### Stored data entries:
++++

Lemma exists_dart_leaving_cycle (a b : {perm T}) :
  (forall u v, connect (mrel b a) u v) -> 1 < #|porbits a| ->
  exists x, b x \notin porbit a x.
Proof.
move=> conn gt1; apply/existsP; apply: contraLR gt1 => /existsPn stay.
rewrite -leqNgt; apply/card_le1_eqP => _ _ /imsetP[x _ ->] /imsetP[y _ ->].
apply/eqP; rewrite eq_porbit_mem.
apply: (connect_ind (P := fun v => v \in porbit a x) (conn x y) (porbit_id a x)).
move=> u v /orP[] /eqP -> u_in;
  (have <- : porbit a u = porbit a x by apply/eqP; rewrite eq_porbit_mem).
  by move: (stay u); rewrite negbK.
by have := mem_porbit a 1 u; rewrite expg1.
Qed.

(* Induction on the cycles of a: while some b-step leaves its a-cycle, the
   transposition (x, b x) merges two cycles of a and splits one of b without
   changing b * a or connectivity. *)
Lemma porbits_euler_le (a b : {perm T}) :
  (forall u v, connect (mrel b a) u v) ->
  #|porbits a| + #|porbits b| + #|porbits (b * a)| <= #|T| + 2.
Proof.
move c_def : #|porbits a| => c; elim: c a b c_def => [|c IH] a b c_def conn.
  by have := card_porbitsM_le a b; rewrite c_def; lia.
have [c0|c_gt0] := leqP c 0.
  by have := card_porbitsM_le a b; rewrite c_def; lia.
have [x bx_out] : exists x, b x \notin porbit a x.
  by apply: exists_dart_leaving_cycle conn _; rewrite c_def.
have card_ta : #|porbits (tperm x (b x) * a)| = c.
  by have := card_porbits_merge bx_out; rewrite c_def; lia.
have := IH _ _ card_ta (merge_connected bx_out conn).
rewrite -mulgA tpermKg (card_porbits_split bx_out) addn1 addnS addSn; exact.
Qed.

End PermOrbits.

Lemma iter_period_inj (T : Type) (f : T -> T) k :
  0 < k -> (forall x, iter k f x = x) -> injective f.
Proof.
by move=> k_gt0 fk; apply: (can_inj (g := iter k.-1 f)) => x; rewrite -iterSr prednK.
Qed.

Lemma order_le_period (T : finType) (f : T -> T) x m :
  0 < m -> iter m f x = x -> order f x <= m.
Proof.
move=> m_gt0 fix_x; rewrite /order.
apply: leq_trans (_ : #|[seq iter i f x | i <- iota 0 m]| <= _); last first.
  by apply: leq_trans (card_size _) _; rewrite size_map size_iota.
apply: subset_leq_card; apply/subsetP => y fxy; apply/mapP.
exists (findex f x y %% m); first by rewrite mem_iota ltn_mod m_gt0.
have := iter_findex fxy; move: (findex f x y) => j <-.
by rewrite {1}(divn_eq j m) addnC iterD iterM (iter_fix _ fix_x).
Qed.

Lemma order_involution (T : finType) (f : T -> T) x :
  cancel f f -> f x != x -> order f x = 2.
Proof.
move=> fK fx_x; have le2 : order f x <= 2 by apply: order_le_period => //=; rewrite !fK.
apply/eqP; rewrite eqn_leq le2 /order.
apply: leq_trans (subset_leq_card (_ : [set x; f x] \subset _)).
  by rewrite cards2 eq_sym fx_x.
by apply/subsetP => y; rewrite !inE => /orP[] /eqP ->; rewrite ?connect0 ?fconnect1.
Qed.

Lemma card_le_fcard_mul (T : finType) (f : T -> T) (A : {pred T}) m :
  injective f -> fclosed f A ->
  (forall x, x \in A -> order f x <= m) -> #|A| <= fcard f A * m.
Proof.
move=> fi clA le_m; have symf := fconnect_sym fi.
rewrite -sum1_card (partition_big (froot f) (fun r => froots f r && (r \in A))) /=.
  rewrite /n_comp_mem -sum1_card big_distrl /= mul1n.
  apply: leq_sum => r /andP[/eqP rr rA]; rewrite sum1_card.
  apply: leq_trans (le_m r rA); apply: subset_leq_card; apply/subsetP => x.
  by rewrite !inE => /andP[_ /eqP <-]; rewrite symf connect_root.
by move=> x xA; rewrite roots_root // -(closed_connect clA (connect_root _ x)).
Qed.

Section CoverFibers.
Variables (X Y : finType) (eX nX : X -> X) (eY nY : Y -> Y) (pi : X -> Y).
Hypotheses (eXi : injective eX) (nXi : injective nX).
Hypotheses (pi_e : forall z, pi (eX z) = eY (pi z)) (pi_n : forall z, pi (nX z) = nY (pi z)).
Variable A : {pred X}.
Hypotheses (A_e : forall z, z \in A -> eX z \in A) (A_n : forall z, z \in A -> nX z \in A).
Hypothesis connY : forall y y', connect (mrel eY nY) y y'.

++++

If a line of the records includes the string "finType", copy it out.

Lemma order_le_period (T : finType) (f : T -> T) x m :
Lemma order_involution (T : finType) (f : T -> T) x :
Lemma card_le_fcard_mul (T : finType) (f : T -> T) (A : {pred T}) m :
Variables (X Y : finType) (eX nX : X -> X) (eY nY : Y -> Y) (pi : X -> Y).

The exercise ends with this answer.